The fair values of cash and cash equivalents, trade and other receivables and accounts payable and accrued liabilities approximate their carrying values because of the short-term nature of these instruments.
The fair values of the Company’s restricted cash and equivalents in cash and cash equivalents, U.S. government bonds, commercial paper and corporate bonds approximate carrying values.

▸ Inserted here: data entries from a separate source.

(* Let $G\le S_n$ be fusion controlled and $T\in\mathcal T(G_0)$. (i) For every connected component $C$ of $\widetilde P_0(G)$ containing at least one vertex of type $T$, the number of components of $\widetilde P_0(G)$ containing at least one vertex of type $T$ equals $\dfrac{\mu_T(G)}{\phi(o(T))\,k_C(T)}$. (ii) If $T$ is isolated in $P_0(\mathcal T(G))$, this number equals $\dfrac{\mu_T(G)}{\phi(o(T))}$.
   Context: $G_0=G\setminus\{1\}$; $[x]=\{y:\langle y\rangle=\langle x\rangle\}$; $\widetilde P_0(G)$: vertex set $\{[x]:x\in G_0\}$, distinct $[x],[y]$ adjacent iff some representatives are one a positive power of the other. For $\psi\in S_n$, $T_\psi$ is the partition of $n$ given by orbit lengths of $\langle\psi\rangle$; the type of $[\psi]$ is $T_\psi$. For $T=[m_1^{t_1},\dots,m_k^{t_k}]$, $o(T)=\mathrm{lcm}(m_i)$ and $T^a=[(m_i/\gcd(a,m_i))^{t_i\gcd(a,m_i)}]_i$. $\mathcal T(G_0)=\{T_\psi:\psi\in G_0\}$; $P_0(\mathcal T(G))$: vertex set $\mathcal T(G_0)$, distinct $T,T'$ adjacent iff one is a power of the other. $\mu_T(G)$ is the number of elements of $G$ of type $T$; $\phi$ is Euler's totient; $k_C(T)$ is the number of vertices of $C$ of type $T$. $G$ is fusion controlled if for all $\psi\in G$, $x\in S_n$ with $x^{-1}\psi x\in G$ there is $y\in N_{S_n}(G)$ with $x^{-1}\psi x=y^{-1}\psi y$. *)

From HB Require Import structures.
From mathcomp Require Import all_boot all_order all_fingroup all_solvable.
Set Implicit Arguments. Unset Strict Implicit. Unset Printing Implicit Defensive.

Local Open Scope group_scope.

Section Defs.
Variable n : nat.
Local Notation gT := {perm 'I_n}.

(* The type T_psi: multiset (sorted list) of orbit lengths of <psi> on {0..n-1},
   fixed points counted as orbits of length 1. *)
Definition ptype (psi : gT) : seq nat :=
  sort leq [seq #|X| | X : {set 'I_n} <- enum (porbits psi)].

Definition tord (T : seq nat) : nat := foldr lcmn 1%N T.

Definition tpow (T : seq nat) (a : nat) : seq nat :=
  sort leq (flatten [seq nseq (gcdn a m) (m %/ gcdn a m) | m <- T]).

Definition pclass (x : gT) : {set gT} := [set y | <[y]> == <[x]>].

Definition pverts (G : {group gT}) : {set {set gT}} := [set pclass x | x in G^#].

(* b is a positive power of a (powers a^1 .. a^#|gT| cover all positive powers) *)
Definition ppow (a b : gT) : bool := [exists k : 'I_#|gT|, b == a ^+ k.+1].

Definition padj (G : {group gT}) : rel {set gT} := fun X Y =>
  [&& X \in pverts G, Y \in pverts G, X != Y &
      [exists a in X, exists b in Y, ppow a b || ppow b a]].

Definition pcomp (G : {group gT}) (v : {set gT}) : {set {set gT}} :=
  [set w in pverts G | connect (padj G) v w].

Definition pcomps (G : {group gT}) : {set {set {set gT}}} :=
  [set pcomp G v | v in pverts G].

(* type of a vertex [x] (well defined: all elements of [x] have the same type) *)
Definition vtype (v : {set gT}) : seq nat := ptype (repr v).

Definition ncompT (G : {group gT}) (T : seq nat) : nat :=
  #|[set C in pcomps G | [exists v in C, vtype v == T]]|.
(* The circles of radius at most 1/10 are centred at (1/2, 0), since h vanishes there. *)
Lemma rK_small q : half_square_punct q -> Rabs (fst q - 1/2) < 1/30 -> snd q < 1/30 ->
  h (rK q) = 0 /\ rK q <= Rabs (fst q - 1/2) + snd q.
Proof.
  intros Dq Hu Hy. pose proof (rK_range q Dq). pose proof (circle_gap_rK q Dq) as E.
  destruct Dq as [[Q1 Q2] _]. pose proof (Rabs_pos (fst q - 1/2)).
  assert (Hu2 : (fst q - 1/2) ^ 2 = Rabs (fst q - 1/2) ^ 2) by (rewrite <- pow2_abs; auto).
  assert (Hr : rK q <= 1/15).
  { apply Rnot_lt_le; intros lt.
    pose proof (circle_gap_incr q (1/15) (rK q) ltac:(lra) ltac:(lra)) as G.
    rewrite E in G. unfold circle_gap in G. rewrite (h_zero (1/15)) in G by lra. nra. }
  assert (Hz : h (rK q) = 0) by (apply h_zero; lra).
  split; auto. unfold circle_gap in E. rewrite Hz in E.
  apply Rsqr_incr_0_var; [unfold Rsqr; nra|lra].
Qed.

Lemma Psi_low_near_singular q : half_square q -> Rabs (fst q - 1/2) < 1/30 -> snd q < 1/30 ->
  Rabs (fst (Psi_low h h1 delta q) - 1/2) <= Rabs (fst q - 1/2) + snd q /\
  Rabs (snd (Psi_low h h1 delta q)) <= Rabs (fst q - 1/2) + snd q.
Proof.
  intros Dq Hu Hy. pose proof (Rabs_pos (fst q - 1/2)). pose proof (proj2 Dq).
  destruct (classic (fst q = 1/2 /\ snd q = 0)) as [[E1 E2]|Nq].
  - destruct q as [q1 q2]; simpl in *; subst. rewrite Psi_low_singular; simpl.
    rewrite Rminus_diag, Rabs_R0; lra.
  - assert (Dq' : half_square_punct q) by (split; auto).
    destruct (rK_small q Dq' Hu Hy) as [Hz Hr]. pose proof (rK_range q Dq').
    rewrite Psi_low_punct by auto. unfold Kinv; simpl. rewrite Hz.
    pose proof (SIN_bound (gK q * Theta h (rK q))). pose proof (COS_bound (gK q * Theta h (rK q))).
    split; apply Rabs_le; split; nra.
Qed.

Lemma cont2_Psi_low_singular :
  cont2 half_square (fun q => fst (Psi_low h h1 delta q)) (1/2, 0) /\
  cont2 half_square (fun q => snd (Psi_low h h1 delta q)) (1/2, 0).
Proof.
  split; intros e He; rewrite Psi_low_singular; simpl;
    exists (Rmin (1/30) (e/2)); (split; [apply Rmin_pos; lra|]);
    intros q Dq A B; simpl in A, B; pose proof (Rmin_l (1/30) (e/2)); pose proof (Rmin_r (1/30) (e/2));
    pose proof (proj2 Dq); rewrite ?Rminus_0_r, Rabs_right in B by lra;
    destruct (Psi_low_near_singular q Dq ltac:(lra) ltac:(lra)); rewrite ?Rminus_0_r; lra.
Qed.
(* Let $\mathcal{S}=\langle\mathcal{L},\vdash\rangle$ be a logical structure with $\mathcal{L}$ infinite, and let $\varrho\subseteq\mathcal{P}(\mathcal{L})\times\mathcal{L}$ have finite reach. Then for every finite $\Gamma\subseteq\mathcal{L}$ there exists $\beta\in\mathcal{L}$ such that $\Gamma\not\vdash^\varrho\beta$. The same holds with $\vdash^{p\varrho}$ in place of $\vdash^\varrho$.
   Context: A logical structure is a pair $\langle\mathcal{L},\vdash\rangle$ with $\mathcal{L}$ a set and $\vdash\subseteq\mathcal{P}(\mathcal{L})\times\mathcal{L}$ arbitrary. For $\varrho\subseteq\mathcal{P}(\mathcal{L})\times\mathcal{L}$: $\Gamma\vdash^\varrho\alpha$ iff there is $\Delta\subseteq\Gamma$ with $(\Delta,\alpha)\in\varrho$ and $\Delta\vdash\alpha$; $\Gamma\vdash^{p\varrho}\alpha$ iff there is a nonempty $\Delta\subseteq\Gamma$ with $(\Delta,\alpha)\in\varrho$ and $\Delta\vdash\alpha$. A relation $\varrho\subseteq A\times B$ has finite reach if for every $a\in A$ the set $\{b\in B\mid (a,b)\in\varrho\}$ is finite. *)

From Stdlib Require Import List.

Definition subset {L : Type} (A B : L -> Prop) : Prop := forall x, A x -> B x.

Definition finite_set {L : Type} (A : L -> Prop) : Prop :=
  exists l : list L, forall x, A x <-> In x l.

Definition infinite_type (L : Type) : Prop :=
  ~ exists l : list L, forall x : L, In x l.

Definition finite_reach {A B : Type} (rho : A -> B -> Prop) : Prop :=
  forall a : A, finite_set (fun b => rho a b).

Definition vdash_rho {L : Type} (vdash : (L -> Prop) -> L -> Prop)
  (rho : (L -> Prop) -> L -> Prop) (Gamma : L -> Prop) (alpha : L) : Prop :=
  exists Delta : L -> Prop, subset Delta Gamma /\ rho Delta alpha /\ vdash Delta alpha.

Definition vdash_prho {L : Type} (vdash : (L -> Prop) -> L -> Prop)
  (rho : (L -> Prop) -> L -> Prop) (Gamma : L -> Prop) (alpha : L) : Prop :=
  exists Delta : L -> Prop, (exists x, Delta x) /\ subset Delta Gamma /\
    rho Delta alpha /\ vdash Delta alpha.

(** Since [rho] need not respect extensional equality of predicates, the
    subsets of a finite [Gamma] are first identified (by extensionality) with
    the finitely many sublists of a list enumerating [Gamma].  Finite reach then
    bounds all [beta] with [rho Delta beta], [Delta ⊆ Gamma], by one finite
    list, and any [beta] outside it (which exists as [L] is infinite) is
    underivable from [Gamma] in either sense. *)

From Stdlib Require Import List Classical FunctionalExtensionality PropExtensionality.

Lemma pred_ext {L : Type} (A B : L -> Prop) : (forall x, A x <-> B x) -> A = B.
Proof.
  intros HAB. apply functional_extensionality. intros x.
  apply propositional_extensionality. apply HAB.
Qed.

Fixpoint sublists {L : Type} (l : list L) : list (list L) :=
  match l with
  | nil => nil :: nil
  | a :: l' => map (cons a) (sublists l') ++ sublists l'
  end.

Lemma sublists_represent {L : Type} (l : list L) (D : L -> Prop) :
  subset D (fun x => In x l) ->
  exists s, In s (sublists l) /\ forall x, D x <-> In x s.
Proof.
  revert D; induction l as [|a l IH]; intros D HD; simpl.
  - exists nil. split; [now left|]. intros x. split; [apply HD | intros []].
  - destruct (classic (D a)) as [Da | nDa].
    + destruct (IH (fun x => D x /\ x <> a)) as [s [Hs HDs]].
      { intros x [Dx Hxa]. destruct (HD x Dx); [congruence | assumption]. }
      exists (a :: s). split.
      * apply in_or_app. left. now apply in_map.
      * intros x. simpl. rewrite <- HDs. split.
        -- intros Dx. destruct (classic (x = a)) as [-> | Hxa]; [now left | now right].
        -- intros [<- | [Dx _]]; assumption.
    + destruct (IH D) as [s [Hs HDs]].
      { intros x Dx. destruct (HD x Dx) as [-> | Hx]; [contradiction | assumption]. }
      exists s. split; [apply in_or_app; now right | exact HDs].
Qed.

Lemma subset_finite_eq_list {L : Type} (l : list L) (D : L -> Prop) :
  subset D (fun x => In x l) ->
  exists s, In s (sublists l) /\ D = (fun x => In x s).
Proof.
  intros HD. destruct (sublists_represent l D HD) as [s [Hs HDs]].
  exists s. split; [exact Hs | now apply pred_ext].
Qed.

Lemma finite_reach_list_image {A B : Type} (rho : A -> B -> Prop) :
  finite_reach rho -> forall S : list A,
  exists m : list B, forall a b, In a S -> rho a b -> In b m.
Proof.
  intros Hrho S. induction S as [|a0 S [m Hm]].
  - exists nil. intros a b [].
  - destruct (Hrho a0) as [m0 Hm0].
    exists (m0 ++ m). intros a b [<- | Ha] Hab; apply in_or_app.
    + left. now apply Hm0.
    + right. exact (Hm a b Ha Hab).
Qed.

Lemma finite_reach_subsets {L B : Type} (rho : (L -> Prop) -> B -> Prop)
  (Gamma : L -> Prop) :
  finite_reach rho -> finite_set Gamma ->
  exists m : list B, forall Delta b, subset Delta Gamma -> rho Delta b -> In b m.
Proof.
  intros Hrho [l Hl].
  destruct (finite_reach_list_image rho Hrho
              (map (fun s x => In x s) (sublists l))) as [m Hm].
  exists m. intros Delta b HDelta Hb.
  destruct (subset_finite_eq_list l Delta) as [s [Hs ->]].
  { intros x Dx. now apply Hl, HDelta. }
  apply (Hm (fun x => In x s) b); [now apply (in_map (fun s x => In x s)) | exact Hb].
Qed.

Lemma infinite_type_not_In {L : Type} (m : list L) :
  infinite_type L -> exists b, ~ In b m.
Proof.
  intros Hinf. apply NNPP. intros Hall. apply Hinf. exists m. intros x.
  apply NNPP. intros Hx. apply Hall. now exists x.
Qed.

Lemma vdash_prho_vdash_rho {L : Type} (vdash rho : (L -> Prop) -> L -> Prop)
  (Gamma : L -> Prop) (alpha : L) :
  vdash_prho vdash rho Gamma alpha -> vdash_rho vdash rho Gamma alpha.
Proof.
  intros [Delta [_ HDelta]]. now exists Delta.
Qed.

Theorem theorem3p15 (L : Type) (vdash : (L -> Prop) -> L -> Prop)
  (rho : (L -> Prop) -> L -> Prop) :
  infinite_type L ->
  finite_reach rho ->
  forall Gamma : L -> Prop, finite_set Gamma ->
    (exists beta : L, ~ vdash_rho vdash rho Gamma beta) /\
    (exists beta : L, ~ vdash_prho vdash rho Gamma beta).
Proof.
  intros Hinf Hrho Gamma HGamma.
  destruct (finite_reach_subsets rho Gamma Hrho HGamma) as [m Hm].
  destruct (infinite_type_not_In m Hinf) as [beta Hbeta].
  assert (Hnot : ~ vdash_rho vdash rho Gamma beta).
  { intros [Delta [HDelta [Hrb _]]]. exact (Hbeta (Hm Delta beta HDelta Hrb)). }
  split; exists beta; [exact Hnot |].
  intros H. exact (Hnot (vdash_prho_vdash_rho vdash rho Gamma beta H)).
Qed.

The fair value of the Company’s debt obligations at September 30, 2009 is approximately $266,000.
22.  
INCOME TAXES
For the nine months ended September 30, 2009, the Company has recognized current tax recoveries of $1,690,000 and future tax recoveries of $31,190,000. The current tax recovery relates primarily to the anticipated recovery of taxes paid in prior tax years of $1,882,000. The future tax recovery relates primarily to the recognition of previously unrecognized Canadian tax assets of $1,865,000 and the future tax recovery associated with the Mutanga project impairment of $30,000,000 (see note 5).
23.  
COMMITMENTS AND CONTINGENCIES
General Legal Matters
The Company is involved, from time to time, in various other legal actions and claims in the ordinary course of business. In the opinion of management, the aggregate amount of any potential liability is not expected to have a material adverse effect on the Company’s financial position or results.
Third Party Indemnities
The Company has agreed to indemnify Calfrac Well Services against certain specified future liabilities it may incur related to the assets or liabilities assumed by Calfrac on March 8, 2004.